- _The data_:
####################

Lemma dotv_update (V : finType) (a x : V -> R) v t :
  dotv a (fun w => if w == v then t else x w) = dotv a x + a v * (t - x v).
Proof.
rewrite /dotv (@rsum_ext _ _ (fun w => a w * x w +
  (if w == v then a v * (t - x v) else 0))).
  by rewrite rsum_add (rsum_delta v (fun _ => a v * (t - x v))).
by move=> w; case: eqP => [->|_]; ring.
Qed.

Definition is_pos (x : R) : bool := if Rlt_dec 0 x then true else false.
Definition is_neg (x : R) : bool := if Rlt_dec x 0 then true else false.
Definition is_zero (x : R) : bool := if Req_EM_T x 0 then true else false.

Lemma is_posP x : is_pos x = true <-> 0 < x.
Proof. by rewrite /is_pos; case: Rlt_dec. Qed.
Lemma is_negP x : is_neg x = true <-> x < 0.
Proof. by rewrite /is_neg; case: Rlt_dec. Qed.
Lemma is_zeroP x : is_zero x = true <-> x = 0.
Proof. by rewrite /is_zero; case: Req_EM_T. Qed.

(* Fourier-Motzkin elimination of an unknown whose column is [a]: the new
   rows are the old rows with [a c = 0] and, for every pair [p, q] with
   [a p > 0 > a q], the combination [-a q * row p + a p * row q]; all other
   indices give the trivial row.  [fm_comb a c'] lists the multipliers. *)
Definition fm_comb (C : finType) (a : C -> R) (c' : C + C * C) (c : C) : R :=
  match c' with
  | inl c0 => if is_zero (a c0) then (if c == c0 then 1 else 0) else 0
  | inr (p, q) => if is_pos (a p) && is_neg (a q) then
       (if c == p then - a q else 0) + (if c == q then a p else 0) else 0
  end.

Definition fm_A (V C : finType) (a : C -> R) (A : C -> V -> R) c' w : R :=
  rsum (fun c => fm_comb a c' c * A c w).
Definition fm_b (C : finType) (a : C -> R) (b : C -> R) c' : R :=
  rsum (fun c => fm_comb a c' c * b c).

Lemma fm_comb_nonneg (C : finType) (a : C -> R) c' c : 0 <= fm_comb a c' c.
Proof.
case: c' => [c0|[p q]] /=.
- by case: is_zero; [case: (c == c0)|]; lra.
- case E: (is_pos (a p)); case E2: (is_neg (a q)) => /=; try lra.
  by move/is_posP: E; move/is_negP: E2 => *; case: (c == p); case: (c == q); lra.
Qed.

Lemma fm_comb_kills (C : finType) (a : C -> R) c' :
  rsum (fun c => fm_comb a c' c * a c) = 0.
Proof.
case: c' => [c0|[p q]] /=.
- case E: (is_zero (a c0)); last by rewrite rsum_zero // => t; ring.
  by rewrite rsum_delta_mul; move/is_zeroP: E => ->; ring.
- case: (_ && _); last by rewrite rsum_zero // => t; ring.
  rewrite (@rsum_ext _ _ (fun t => (if t == p then - a q else 0) * a t +
    (if t == q then a p else 0) * a t)); last by move=> t; ring.
  by rewrite rsum_add !rsum_delta_mul; ring.
Qed.

Lemma fm_zero_row (C : finType) (a F : C -> R) c0 : a c0 = 0 ->
  rsum (fun c => fm_comb a (inl c0) c * F c) = F c0.
Proof. by move/is_zeroP=> /= ->; rewrite rsum_delta_mul; ring. Qed.

Lemma fm_pair_row (C : finType) (a F : C -> R) p q : 0 < a p -> a q < 0 ->
  rsum (fun c => fm_comb a (inr (p, q)) c * F c) = - a q * F p + a p * F q.
Proof.
move=> /is_posP /= -> /is_negP -> /=.
rewrite (@rsum_ext _ _ (fun t => (if t == p then - a q else 0) * F t +
  (if t == q then a p else 0) * F t)); last by move=> t; ring.
by rewrite rsum_add !rsum_delta_mul.
Qed.

Lemma pair_bounds_ordered ap aq rp rq : 0 < ap -> aq < 0 ->
  aq * rp <= ap * rq -> rq / aq <= rp / ap.
Proof.
move=> Hp Hq H; apply: (Rmult_le_reg_r (ap * - aq)); first nra.
have -> : rq / aq * (ap * - aq) = - (ap * rq) by field; lra.
have -> : rp / ap * (ap * - aq) = - (aq * rp) by field; lra.
lra.
Qed.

####################

- _Task details_:
Find where the line with "(if w == v then a v * (t - x v) else 0)))." sits in the material above, then copy exactly from it through the line with "(if t == q then a p else 0) * a". Add no other line.

- _Result_:
  (if w == v then a v * (t - x v) else 0))).
  by rewrite rsum_add (rsum_delta v (fun _ => a v * (t - x v))).
by move=> w; case: eqP => [->|_]; ring.
Qed.

Definition is_pos (x : R) : bool := if Rlt_dec 0 x then true else false.
Definition is_neg (x : R) : bool := if Rlt_dec x 0 then true else false.
Definition is_zero (x : R) : bool := if Req_EM_T x 0 then true else false.

Lemma is_posP x : is_pos x = true <-> 0 < x.
Proof. by rewrite /is_pos; case: Rlt_dec. Qed.
Lemma is_negP x : is_neg x = true <-> x < 0.
Proof. by rewrite /is_neg; case: Rlt_dec. Qed.
Lemma is_zeroP x : is_zero x = true <-> x = 0.
Proof. by rewrite /is_zero; case: Req_EM_T. Qed.

(* Fourier-Motzkin elimination of an unknown whose column is [a]: the new
   rows are the old rows with [a c = 0] and, for every pair [p, q] with
   [a p > 0 > a q], the combination [-a q * row p + a p * row q]; all other
   indices give the trivial row.  [fm_comb a c'] lists the multipliers. *)
Definition fm_comb (C : finType) (a : C -> R) (c' : C + C * C) (c : C) : R :=
  match c' with
  | inl c0 => if is_zero (a c0) then (if c == c0 then 1 else 0) else 0
  | inr (p, q) => if is_pos (a p) && is_neg (a q) then
       (if c == p then - a q else 0) + (if c == q then a p else 0) else 0
  end.

Definition fm_A (V C : finType) (a : C -> R) (A : C -> V -> R) c' w : R :=
  rsum (fun c => fm_comb a c' c * A c w).
Definition fm_b (C : finType) (a : C -> R) (b : C -> R) c' : R :=
  rsum (fun c => fm_comb a c' c * b c).

Lemma fm_comb_nonneg (C : finType) (a : C -> R) c' c : 0 <= fm_comb a c' c.
Proof.
case: c' => [c0|[p q]] /=.
- by case: is_zero; [case: (c == c0)|]; lra.
- case E: (is_pos (a p)); case E2: (is_neg (a q)) => /=; try lra.
  by move/is_posP: E; move/is_negP: E2 => *; case: (c == p); case: (c == q); lra.
Qed.

Lemma fm_comb_kills (C : finType) (a : C -> R) c' :
  rsum (fun c => fm_comb a c' c * a c) = 0.
Proof.
case: c' => [c0|[p q]] /=.
- case E: (is_zero (a c0)); last by rewrite rsum_zero // => t; ring.
  by rewrite rsum_delta_mul; move/is_zeroP: E => ->; ring.
- case: (_ && _); last by rewrite rsum_zero // => t; ring.
  rewrite (@rsum_ext _ _ (fun t => (if t == p then - a q else 0) * a t +
    (if t == q then a p else 0) * a t)); last by move=> t; ring.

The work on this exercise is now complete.